- WHAT NEEDS TO BE DONE:
Only lines containing "Definition" are wanted from the data below. Copy those lines.

[Stored items]

·····

Lemma unit_fst_lt1 y : nrm2 y = 1 -> y <> (1, 0) -> fst y < 1.
Proof.
  destruct y as [y1 y2]; unfold nrm2; simpl; intros Hy Hne.
  destruct (Rlt_or_le y1 1) as [Hlt | Hge]; [exact Hlt | exfalso].
  assert (y1 = 1) by nra. subst y1.
  assert (y2 = 0) by nra. subst y2. exact (Hne eq_refl).
Qed.

Lemma dist2_unit_one y : nrm2 y = 1 -> dist2 y (1, 0) = 2 * (1 - fst y).
Proof. destruct y as [y1 y2]; unfold nrm2, dist2; simpl; intro Hy. nra. Qed.

Lemma dist2_unit_one_pos y : nrm2 y = 1 -> y <> (1, 0) -> 0 < dist2 y (1, 0).
Proof.
  intros Hy Hne. rewrite dist2_unit_one by exact Hy. pose proof (unit_fst_lt1 y Hy Hne). lra.
Qed.

Lemma hcirc_power xi r z : nrm2 xi = 1 ->
  dist2 z ((1 - r) * fst xi, (1 - r) * snd xi) - r * r
  = (1 - r) * dist2 z xi - r * (1 - nrm2 z).
Proof.
  destruct xi as [a b], z as [z1 z2]; unfold nrm2, dist2; simpl; intro H.
  transitivity ((1 - r) * ((z1 - a) * (z1 - a) + (z2 - b) * (z2 - b))
                - r * (1 - (z1 * z1 + z2 * z2)) - r * (1 - r) * (a * a + b * b - 1)); [ring |].
  rewrite H. ring.
Qed.

Lemma hcirc_iff xi r z : nrm2 xi = 1 ->
  hcirc xi r z <-> (1 - r) * dist2 z xi = r * (1 - nrm2 z) /\ z <> xi.
Proof. intro H. pose proof (hcirc_power xi r z H). unfold hcirc. split; intros [E Hne]; split; auto; lra. Qed.

Lemma hball_iff xi r z : nrm2 xi = 1 ->
  hball xi r z <-> (1 - r) * dist2 z xi < r * (1 - nrm2 z).
Proof. intro H. pose proof (hcirc_power xi r z H). unfold hball. split; intro; lra. Qed.

Lemma hcirc_opposite xi r : nrm2 xi = 1 -> 0 < r ->
  hcirc xi r ((1 - 2 * r) * fst xi, (1 - 2 * r) * snd xi).
Proof.
  destruct xi as [a b]; unfold nrm2, hcirc, dist2; simpl; intros H Hr. split.
  - transitivity (r * r * (a * a + b * b)); [ring | rewrite H; ring].
  - intro E. injection E as Ea Eb. nra.
Qed.

Lemma hcirc_opposite_radius xi r r' : nrm2 xi = 1 -> 0 < r ->
  hcirc xi r' ((1 - 2 * r) * fst xi, (1 - 2 * r) * snd xi) -> r = r'.
Proof.
  destruct xi as [a b]; unfold nrm2, hcirc, dist2; simpl; intros Hxi Hr [Hd _].
  assert (Hsq : (r' - 2 * r) * (r' - 2 * r) * (a * a + b * b) = r' * r')
    by (rewrite <- Hd; ring).
  rewrite Hxi in Hsq. nra.
Qed.

Lemma hcirc_radius_unique xi r r' (H : pt -> Prop) : nrm2 xi = 1 -> 0 < r ->
  (forall z, H z <-> hcirc xi r z) -> (forall z, H z <-> hcirc xi r' z) -> r = r'.
Proof.
  intros Hxi Hr E E'. apply (hcirc_opposite_radius xi); [exact Hxi | exact Hr |].
  apply E', E, hcirc_opposite; assumption.
Qed.

(* The Cayley transform [z |-> i (1 + z) / (1 - z)], mapping the disc onto the
   upper half plane and the ideal point [1] to infinity: geodesics ending at [1]
   become vertical lines and horocycles at [1] horizontal lines. *)
Definition cayley_re (z : pt) : R := -2 * snd z / dist2 z (1, 0).
Definition cayley_im (z : pt) : R := (1 - nrm2 z) / dist2 z (1, 0).

Definition cayley_inv (X Y : R) : pt :=
  let N := X * X + (Y + 1) * (Y + 1) in ((X * X + Y * Y - 1) / N, -2 * X / N).

Lemma cayley_dist2 z w : dist2 z (1, 0) <> 0 -> dist2 w (1, 0) <> 0 ->
  (cayley_re z - cayley_re w) ^ 2 + (cayley_im z - cayley_im w) ^ 2
  = 4 * dist2 z w / (dist2 z (1, 0) * dist2 w (1, 0)).
Proof.
  destruct z as [z1 z2], w as [w1 w2]; unfold cayley_re, cayley_im, dist2, nrm2; simpl.
  rewrite !Rminus_0_r. intros Hz Hw. field. auto.
Qed.

Lemma cayley_im_pos z : in_disc z -> 0 < cayley_im z.
Proof.
  intro Hz. unfold cayley_im. apply Rdiv_lt_0_compat; [unfold in_disc in Hz; lra |].
  exact (dist2_pos_disc_one z Hz).
Qed.

Lemma cayley_im_unit y : nrm2 y = 1 -> cayley_im y = 0.
Proof. intro Hy. unfold cayley_im. rewrite Hy. unfold Rdiv. ring. Qed.

Lemma cayley_re_unit y : nrm2 y = 1 -> y <> (1, 0) -> cayley_re y = - snd y / (1 - fst y).
Proof.
  intros Hy Hne. pose proof (unit_fst_lt1 y Hy Hne).
  unfold cayley_re. rewrite dist2_unit_one by exact Hy. field. lra.
Qed.

Lemma cayley_inv_spec X Y : 0 < Y ->
  in_disc (cayley_inv X Y) /\ cayley_re (cayley_inv X Y) = X /\ cayley_im (cayley_inv X Y) = Y.
Proof.
  intro HY. assert (HN : 0 < X * X + (Y + 1) * (Y + 1)) by nra.
  assert (Hd : dist2 (cayley_inv X Y) (1, 0) = 4 / (X * X + (Y + 1) * (Y + 1)))
    by (unfold cayley_inv, dist2; simpl; field; lra).
  assert (Hn : 1 - nrm2 (cayley_inv X Y) = 4 * Y / (X * X + (Y + 1) * (Y + 1)))
    by (unfold cayley_inv, nrm2; simpl; field; lra).
  unfold cayley_re, cayley_im, in_disc. rewrite Hd, Hn. repeat split.
  - enough (0 < 4 * Y / (X * X + (Y + 1) * (Y + 1))) by lra.
    apply Rdiv_lt_0_compat; lra.
  - unfold cayley_inv; simpl. field. lra.
  - field. lra.
Qed.

Lemma div_eq_div_iff a b c d : b <> 0 -> d <> 0 -> (a / b = c / d <-> a * d = c * b).
Proof.
  intros Hb Hd. split; intro E.
  - apply (Rmult_eq_compat_r (b * d)) in E. field_simplify in E; auto.
    replace (a * d) with (a * d / 1) by field. rewrite E. field.
  - apply (Rmult_eq_reg_r (b * d)); [| apply Rmult_integral_contrapositive; auto].
    field_simplify; auto. replace (a * d) with (c * b) by exact (eq_sym E). field.
Qed.

Lemma on_geod_one y z : nrm2 y = 1 -> y <> (1, 0) ->
  on_geod (1, 0) y z <-> in_disc z /\ cayley_re z = cayley_re y.
Proof.
  intros Hy Hne. pose proof (unit_fst_lt1 y Hy Hne) as Hy1.
  rewrite (cayley_re_unit y Hy Hne).
  enough (Hline : in_disc z -> (cayley_re z = - snd y / (1 - fst y) <->
                               snd y * dist2 z (1, 0) = 2 * snd z * (1 - fst y))).
  2:{ intro Hz. pose proof (dist2_pos_disc_one _ Hz). unfold cayley_re.
      rewrite div_eq_div_iff by lra. lra. }
  destruct y as [y1 y2], z as [z1 z2]; simpl in *.
  split.
  - intros [Hz [A [[c1 c2] [Hnz [H1 [H2 H3]]]]]]. split; [exact Hz |].
    apply (Hline Hz). unfold nrm2, dist2 in *; simpl in *.
    assert (HA : A = c1) by lra. rewrite HA in *. clear H1 HA.
    destruct (Req_dec c1 0) as [Hc1 | Hc1].
    + subst c1. assert (Hc2 : c2 <> 0) by (intro; subst; destruct Hnz as [h | h]; apply h; reflexivity).
      assert (Hy2 : y2 * c2 = 0) by lra. assert (Hz2 : z2 * c2 = 0) by lra.
      apply Rmult_integral in Hy2, Hz2.
      destruct Hy2 as [-> | ]; [| contradiction]. destruct Hz2 as [-> | ]; [ring | contradiction].
    + apply (Rmult_eq_reg_l c1); [| exact Hc1].
      assert (Ed : c1 * ((z1 - 1) * (z1 - 1) + (z2 - 0) * (z2 - 0)) = 2 * z2 * c2) by lra.
      assert (Ey : c2 * y2 = c1 * (1 - y1)) by lra.
      transitivity (y2 * (c1 * ((z1 - 1) * (z1 - 1) + (z2 - 0) * (z2 - 0)))); [ring |].
      rewrite Ed. transitivity (2 * z2 * (c2 * y2)); [ring |]. rewrite Ey. ring.
  - intros [Hz Hre]. split; [exact Hz |].
    apply (Hline Hz) in Hre. unfold nrm2, dist2 in *; simpl in *.
    exists y2, (y2, 1 - y1). simpl. split; [right; intro E; injection E; lra |].
    split; [ring |]. split; [lra |]. nra.
Qed.

Lemma hcirc_one r z : 0 < r -> in_disc z ->
  hcirc (1, 0) r z <-> cayley_im z = (1 - r) / r.
Proof.
  intros Hr Hz. pose proof (dist2_pos_disc_one z Hz) as Hd.
  rewrite hcirc_iff by (unfold nrm2; simpl; ring).
  unfold cayley_im. rewrite div_eq_div_iff by lra. split.
  - intros [E _]. lra.
  - intro E. split; [lra |]. intro Hone. subst z. unfold dist2 in Hd. simpl in Hd. lra.
Qed.

Lemma hcirc_power_vertical y r z : nrm2 y = 1 -> y <> (1, 0) -> in_disc z ->
  cayley_re z = cayley_re y ->
  (1 - r) * dist2 z y - r * (1 - nrm2 z)
  = dist2 z (1, 0) * cayley_im z * ((1 - r) * dist2 y (1, 0) * cayley_im z / 4 - r).
Proof.
  intros Hy Hne Hz Hre.
  pose proof (dist2_pos_disc_one z Hz) as Hdz.
  pose proof (dist2_unit_one_pos y Hy Hne) as Hdy.
  pose proof (cayley_dist2 z y ltac:(lra) ltac:(lra)) as Hc.
  rewrite Hre, (cayley_im_unit y Hy) in Hc.
  assert (Ezy : dist2 z y = cayley_im z ^ 2 * dist2 z (1, 0) * dist2 y (1, 0) / 4).
  { replace (cayley_im z ^ 2) with ((cayley_re y - cayley_re y) ^ 2 + (cayley_im z - 0) ^ 2) by ring.
    rewrite Hc. field. lra. }
  assert (Ez : 1 - nrm2 z = cayley_im z * dist2 z (1, 0)) by (unfold cayley_im; field; lra).
  rewrite Ezy, Ez. field.
Qed.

·····

- TASK RESULT:
Definition cayley_re (z : pt) : R := -2 * snd z / dist2 z (1, 0).
Definition cayley_im (z : pt) : R := (1 - nrm2 z) / dist2 z (1, 0).
Definition cayley_inv (X Y : R) : pt :=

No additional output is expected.